The problem :: From the data that follows, print exactly the lines starting at the one containing "by rewrite sumr_const_nat addKn mulr_natl." and ending at the one containing "rewrite (@eq_in_count _"; include both of them and nothing more.

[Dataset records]
(* Let $\ell^{\infty}$ be the space of bounded real sequences $x=(x_i)_{i\in\mathbb{N}}$, and for $p\in(0,\infty)$, $n\in\mathbb{N}$ let $$\|x\|_{\infty,p,n}:=\sup_{j\in\mathbb{N}}\Big(\frac{1}{n}\sum_{i=j}^{j+(n-1)}|x_i|^{p}\Big)^{1/p}.$$ Let $p\in[1,\infty)$ and $m,n\in\mathbb{N}$ with $n\leq m$. (i) If $n$ is a factor of $m$, i.e. $m=dn$ for some $d\in\mathbb{N}$, then $\|x\|_{\infty,p,m}\leq\|x\|_{\infty,p,n}$ for all $x\in\ell^{\infty}$. (ii) If $n$ is not a factor of $m$, then there exist $x,y\in\ell^{\infty}$ such that $\|x\|_{\infty,p,n}<\|x\|_{\infty,p,m}$ and $\|y\|_{\infty,p,m}<\|y\|_{\infty,p,n}$.
   Context: $\mathbb{N}=\{1,2,3,\dots\}$. *)

From HB Require Import structures.
From mathcomp Require Import all_boot all_order all_algebra.
From mathcomp Require Import all_classical all_reals all_analysis.
Set Implicit Arguments. Unset Strict Implicit. Unset Printing Implicit Defensive.
Import Order.TTheory GRing.Theory Num.Theory.
Local Open Scope classical_set_scope.
Local Open Scope ring_scope.

(* A real sequence x = (x_i)_{i in N}, N = {1,2,...}; we use x : nat -> R and
   only look at indices i >= 1 (the value x 0 plays no role). *)
Definition bounded_seq (R : realType) (x : nat -> R) : Prop :=
  exists M : R, forall i : nat, (0 < i)%N -> `|x i| <= M.

Definition norm_inf_p_n (R : realType) (p : R) (n : nat) (x : nat -> R) : R :=
  sup [set ((n%:R)^-1 * \sum_(j <= i < j + n) (`|x i| `^ p)) `^ (p^-1)
      | j in [set j : nat | (0 < j)%N]].

(* (i) A window of length d n is the disjoint union of d windows of length n, each of p-mass
   at most n ||x||_n^p, so its mean p-th power is at most ||x||_n^p.
   (ii) Write m = q n + r with 0 < r < n. The n-periodic indicator of the residues below r has
   mean r / n on every window of length n, but mean (q + 1) r / m > r / n on the window of
   length m starting at n. The unit impulse at 1 has largest window means 1 / n and 1 / m. *)
From HB Require Import structures.
From mathcomp Require Import all_boot all_order all_algebra.
From mathcomp Require Import all_classical all_reals all_analysis.
From mathcomp Require Import zify.

Set Implicit Arguments.
Unset Strict Implicit.
Unset Printing Implicit Defensive.
Import Order.TTheory GRing.Theory Num.Theory.
Local Open Scope ring_scope.

Lemma big_nat_periodic (V : zmodType) (f : nat -> V) (n j : nat) :
  (forall i, f (i + n)%N = f i) ->
  \sum_(j <= i < j + n) f i = \sum_(0 <= i < n) f i.
Proof.
move=> f_per; elim: j => [//|j IH].
have shift_left : \sum_(j <= i < (j + n).+1) f i
    = f j + \sum_(j.+1 <= i < j.+1 + n) f i.
  by rewrite (big_cat_nat _ (n := j.+1)) ?big_nat1 ?addSn //= ltnS leq_addr.
have shift_right : \sum_(j <= i < (j + n).+1) f i
    = \sum_(j <= i < j + n) f i + f (j + n)%N.
  by rewrite big_nat_recr //= leq_addr.
by apply: (@addrI _ (f j)); rewrite -shift_left shift_right IH f_per addrC.
Qed.

Lemma big_nat_blocks (V : nmodType) (f : nat -> V) (n j d : nat) :
  \sum_(j <= i < j + d * n) f i =
  \sum_(k < d) \sum_(j + k * n <= i < j + k * n + n) f i.
Proof.
elim: d => [|d IH]; first by rewrite mul0n addn0 big_geq // big_ord0.
rewrite big_ord_recr /= -IH (big_cat_nat _ (n := j + d * n)) /=; try lia.
by rewrite mulSn [(n + _)%N]addnC addnA.
Qed.

Lemma sumr_natr_count (R : nzSemiRingType) (s : seq nat) (P : pred nat) :
  \sum_(i <- s) ((P i)%:R : R) = (count P s)%:R.
Proof. by elim: s => [|a s IH]; rewrite ?big_nil // big_cons IH /= natrD. Qed.

Section WindowNorms.
Variable R : realType.
Implicit Types (p b : R) (x : nat -> R).

Lemma powR_invr_le p (a b : R) : 0 < p -> 0 <= a -> 0 <= b ->
  (a `^ p^-1 <= b) = (a <= b `^ p).
Proof.
move=> p_gt0 a_ge0 b_ge0; apply/idP/idP => h.
- have -> : a = (a `^ p^-1) `^ p by rewrite -powRrM mulVf ?gt_eqF // powRr1.
  by apply: ge0_ler_powR; rewrite ?nnegrE ?powR_ge0 // ltW.
- have -> : b = (b `^ p) `^ p^-1 by rewrite -powRrM mulfV ?gt_eqF // powRr1.
  by apply: ge0_ler_powR; rewrite ?nnegrE ?powR_ge0 ?invr_ge0 // ltW.
Qed.

Lemma powR_norm_natr_bool p (c : bool) : p != 0 -> `|(c%:R : R)| `^ p = c%:R.
Proof. by move=> p_neq0; case: c; rewrite ?normr1 ?normr0 ?powR1 ?powR0. Qed.

Lemma bool_seq_bounded (f : nat -> bool) : bounded_seq (fun i => ((f i)%:R : R)).
Proof. by exists 1 => i _; case: (f i); rewrite ?normr1 ?normr0. Qed.

Definition window_norm p (n : nat) x (j : nat) : R :=
  ((n%:R)^-1 * \sum_(j <= i < j + n) (`|x i| `^ p)) `^ (p^-1).

Lemma window_norm_le p n x j b : 0 < p -> (0 < n)%N -> 0 <= b ->
  (window_norm p n x j <= b) = (\sum_(j <= i < j + n) `|x i| `^ p <= n%:R * b `^ p).
Proof.
move=> p_gt0 n_gt0 b_ge0.
rewrite /window_norm powR_invr_le ?ler_pdivrMl ?ltr0n //.
by rewrite mulr_ge0 ?invr_ge0 // sumr_ge0 // => i _; rewrite powR_ge0.
Qed.

Lemma norm_inf_p_n_le p n x b :
  (forall j, (0 < j)%N -> window_norm p n x j <= b) -> norm_inf_p_n p n x <= b.
Proof.
move=> window_le; apply: ge_sup; first by exists (window_norm p n x 1); exists 1%N.
by move=> _ [j j_gt0 <-]; apply: window_le.
Qed.

Lemma window_norm_le_norm p n x j : 0 < p -> (0 < n)%N -> bounded_seq x ->
  (0 < j)%N -> window_norm p n x j <= norm_inf_p_n p n x.
Proof.
move=> p_gt0 n_gt0 [M x_le_M] j_gt0.
have M_ge0 : 0 <= M by apply: le_trans (x_le_M 1%N isT).
apply: ub_le_sup; last by exists j.
exists M => _ [k k_gt0 <-]; rewrite window_norm_le //.
apply: le_trans (_ : \sum_(k <= i < k + n) M `^ p <= _).
  apply: ler_sum_nat => i /andP [k_le_i _]; apply: (ge0_ler_powR (ltW p_gt0)).
  - exact: normr_ge0.
  - exact: M_ge0.
  - by apply: x_le_M; apply: leq_trans k_le_i.
by rewrite sumr_const_nat addKn mulr_natl.
Qed.

Lemma norm_inf_p_n_ge0 p n x : 0 < p -> (0 < n)%N -> bounded_seq x ->
  0 <= norm_inf_p_n p n x.
Proof.
move=> p_gt0 n_gt0 x_bd.
exact: le_trans (powR_ge0 _ _) (window_norm_le_norm p_gt0 n_gt0 x_bd (ltn0Sn 0)).
Qed.

Lemma norm_inf_p_n_dvd_le p m n x : 0 < p -> (0 < n)%N -> (0 < m)%N ->
  (n %| m)%N -> bounded_seq x -> norm_inf_p_n p m x <= norm_inf_p_n p n x.
Proof.
move=> p_gt0 n_gt0 m_gt0 /dvdnP [d m_eq] x_bd; subst m.
set S := norm_inf_p_n p n x.
have S_ge0 : 0 <= S by exact: norm_inf_p_n_ge0.
have block_le k j : (0 < j)%N ->
    \sum_(j + k * n <= i < j + k * n + n) `|x i| `^ p <= n%:R * S `^ p.
  move=> j_gt0; rewrite -window_norm_le //.
  by apply: window_norm_le_norm => //; apply: leq_trans (leq_addr _ _).
apply: norm_inf_p_n_le => j j_gt0; rewrite window_norm_le ?big_nat_blocks //.
apply: le_trans (ler_sum _ (fun (k : 'I_d) _ => block_le k j j_gt0)) _.
by rewrite sumr_const card_ord natrM -mulrA [in leRHS]mulr_natl.
Qed.

Definition residue_indicator (n r : nat) (i : nat) : R := ((i %% n < r)%N)%:R.

Definition impulse (i : nat) : R := ((i == 1)%N)%:R.

Lemma residue_indicator_window_sum p n r j : p != 0 -> (r <= n)%N ->
  \sum_(j <= i < j + n) `|residue_indicator n r i| `^ p = r%:R.
Proof.
move=> p_neq0 r_le_n; under eq_bigr do rewrite powR_norm_natr_bool //.
rewrite (@big_nat_periodic _ (residue_indicator n r)); last first.
  by move=> i; rewrite /residue_indicator modnDr.
rewrite /index_iota subn0 sumr_natr_count.
rewrite (@eq_in_count _ _ (fun i => (i < 0 + r)%N)); last first.
  by move=> i; rewrite mem_iota add0n => /andP [_ i_lt_n]; rewrite modn_small.
by rewrite -size_filter filter_iota_ltn // size_iota.
Qed.

Lemma residue_indicator_long_window_sum p n r q : p != 0 -> (r < n)%N ->
  \sum_(n <= i < n + (q * n + r)) `|residue_indicator n r i| `^ p
    = (q.+1 * r)%:R.
Proof.
move=> p_neq0 r_lt_n.
rewrite (big_cat_nat _ (n := n + q * n)) /=; try lia.
rewrite big_nat_blocks (eq_bigr (fun=> r%:R)); last first.
  by move=> k _; apply: residue_indicator_window_sum => //; apply: ltnW.
rewrite sumr_const card_ord.
under eq_big_nat => i /andP [lo hi].
  rewrite powR_norm_natr_bool // /residue_indicator.
  have -> : (i %% n < r)%N.
    have -> : i = (q.+1 * n + (i - q.+1 * n))%N by rewrite mulSn; lia.
    by rewrite modnMDl modn_small; lia.
  over.
rewrite sumr_const_nat addnA addKn -mulrnA -mulrnDr.
by congr (_ *+ _); rewrite mulSn addnC mulnC.
Qed.

Lemma impulse_window_sum_le1 p j k : p != 0 ->
  \sum_(j <= i < j + k) `|impulse i| `^ p <= 1.
Proof.
move=> p_neq0; under eq_bigr do rewrite powR_norm_natr_bool //.
rewrite sumr_natr_count (count_uniq_mem _ (iota_uniq _ _)).
by case: (_ \in _).
Qed.

Lemma impulse_window_sum1 p k : p != 0 -> (0 < k)%N ->
  \sum_(1 <= i < 1 + k) `|impulse i| `^ p = 1.
Proof.
move=> p_neq0 k_gt0; under eq_bigr do rewrite powR_norm_natr_bool //.
rewrite sumr_natr_count (count_uniq_mem _ (iota_uniq _ _)) mem_iota.
by case: k k_gt0.
Qed.

Lemma norm_inf_p_n_residue_indicator_lt p n q r : 0 < p -> (0 < r)%N -> (r < n)%N ->
  norm_inf_p_n p n (residue_indicator n r)
    < norm_inf_p_n p (q * n + r) (residue_indicator n r).
Proof.
move=> p_gt0 r_gt0 r_lt_n.
have p_neq0 : p != 0 by rewrite gt_eqF.
have n_gt0 : (0 < n)%N by apply: leq_ltn_trans r_lt_n.
have m_gt0 : (0 < q * n + r)%N by rewrite addn_gt0 r_gt0 orbT.
apply: (@le_lt_trans _ _ ((n%:R^-1 * r%:R) `^ p^-1)).
  apply: norm_inf_p_n_le => j _.
  by rewrite /window_norm residue_indicator_window_sum // ltnW.
apply: (@lt_le_trans _ _ (((q * n + r)%:R^-1 * (q.+1 * r)%:R) `^ p^-1)); last first.
  have := @window_norm_le_norm p (q * n + r) (residue_indicator n r) n p_gt0 m_gt0
    (bool_seq_bounded _) n_gt0.
  by rewrite /window_norm residue_indicator_long_window_sum.
apply: gt0_ltr_powR; rewrite ?invr_gt0 ?nnegrE ?mulr_ge0 ?invr_ge0 //.
rewrite mulrC ltr_pdivrMr ?ltr0n // -mulrA mulrC ltr_pdivlMr ?ltr0n // -!natrM ltr_nat.
nia.
Qed.

Lemma norm_inf_p_n_impulse_lt p m n : 0 < p -> (0 < n)%N -> (n < m)%N ->
  norm_inf_p_n p m impulse < norm_inf_p_n p n impulse.
Proof.
move=> p_gt0 n_gt0 n_lt_m.
have p_neq0 : p != 0 by rewrite gt_eqF.
have m_gt0 : (0 < m)%N by apply: leq_trans n_lt_m.
apply: (@le_lt_trans _ _ (m%:R^-1 `^ p^-1)).
  apply: norm_inf_p_n_le => j _; rewrite window_norm_le ?powR_ge0 //.
  rewrite -powRrM mulVf ?gt_eqF // powRr1 ?invr_ge0 // mulfV ?pnatr_eq0 -?lt0n //.
  exact: impulse_window_sum_le1.
apply: (@lt_le_trans _ _ (n%:R^-1 `^ p^-1)); last first.
  have := @window_norm_le_norm p n impulse 1 p_gt0 n_gt0 (bool_seq_bounded _) isT.
  by rewrite /window_norm impulse_window_sum1 // mulr1.
apply: gt0_ltr_powR; rewrite ?invr_gt0 ?nnegrE ?invr_ge0 //.
by rewrite ltf_pV2 ?posrE ?ltr0n // ltr_nat.
Qed.

End WindowNorms.

Theorem lemma1p3 (R : realType) (p : R) (m n : nat) :
  1 <= p -> (0 < n)%N -> (0 < m)%N -> (n <= m)%N ->
  ((n %| m)%N ->
     forall x : nat -> R, bounded_seq x ->
       norm_inf_p_n p m x <= norm_inf_p_n p n x) /\
  (~~ (n %| m)%N ->
     exists x y : nat -> R, bounded_seq x /\ bounded_seq y /\
       norm_inf_p_n p n x < norm_inf_p_n p m x /\
       norm_inf_p_n p m y < norm_inf_p_n p n y).
Proof.
move=> p_ge1 n_gt0 m_gt0 n_le_m; have p_gt0 : 0 < p by apply: lt_le_trans p_ge1.
split=> [n_dvd_m x x_bd | n_ndvd_m]; first exact: norm_inf_p_n_dvd_le.
have n_lt_m : (n < m)%N.
  by rewrite ltn_neqAle n_le_m andbT; apply: contraNneq n_ndvd_m => ->.
have m_eq : m = (m %/ n * n + m %% n)%N := divn_eq m n.
exists (residue_indicator R n (m %% n)), (impulse R).
split; first exact: bool_seq_bounded.
split; first exact: bool_seq_bounded.
split.
  rewrite [X in _ < norm_inf_p_n p X _]m_eq.
  apply: norm_inf_p_n_residue_indicator_lt => //; last exact: ltn_pmod.
  by rewrite lt0n -/(dvdn n m).
exact: norm_inf_p_n_impulse_lt.
Qed.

Output below ::
by rewrite sumr_const_nat addKn mulr_natl.
Qed.

Lemma norm_inf_p_n_ge0 p n x : 0 < p -> (0 < n)%N -> bounded_seq x ->
  0 <= norm_inf_p_n p n x.
Proof.
move=> p_gt0 n_gt0 x_bd.
exact: le_trans (powR_ge0 _ _) (window_norm_le_norm p_gt0 n_gt0 x_bd (ltn0Sn 0)).
Qed.

Lemma norm_inf_p_n_dvd_le p m n x : 0 < p -> (0 < n)%N -> (0 < m)%N ->
  (n %| m)%N -> bounded_seq x -> norm_inf_p_n p m x <= norm_inf_p_n p n x.
Proof.
move=> p_gt0 n_gt0 m_gt0 /dvdnP [d m_eq] x_bd; subst m.
set S := norm_inf_p_n p n x.
have S_ge0 : 0 <= S by exact: norm_inf_p_n_ge0.
have block_le k j : (0 < j)%N ->
    \sum_(j + k * n <= i < j + k * n + n) `|x i| `^ p <= n%:R * S `^ p.
  move=> j_gt0; rewrite -window_norm_le //.
  by apply: window_norm_le_norm => //; apply: leq_trans (leq_addr _ _).
apply: norm_inf_p_n_le => j j_gt0; rewrite window_norm_le ?big_nat_blocks //.
apply: le_trans (ler_sum _ (fun (k : 'I_d) _ => block_le k j j_gt0)) _.
by rewrite sumr_const card_ord natrM -mulrA [in leRHS]mulr_natl.
Qed.

Definition residue_indicator (n r : nat) (i : nat) : R := ((i %% n < r)%N)%:R.

Definition impulse (i : nat) : R := ((i == 1)%N)%:R.

Lemma residue_indicator_window_sum p n r j : p != 0 -> (r <= n)%N ->
  \sum_(j <= i < j + n) `|residue_indicator n r i| `^ p = r%:R.
Proof.
move=> p_neq0 r_le_n; under eq_bigr do rewrite powR_norm_natr_bool //.
rewrite (@big_nat_periodic _ (residue_indicator n r)); last first.
  by move=> i; rewrite /residue_indicator modnDr.
rewrite /index_iota subn0 sumr_natr_count.
rewrite (@eq_in_count _ _ (fun i => (i < 0 + r)%N)); last first.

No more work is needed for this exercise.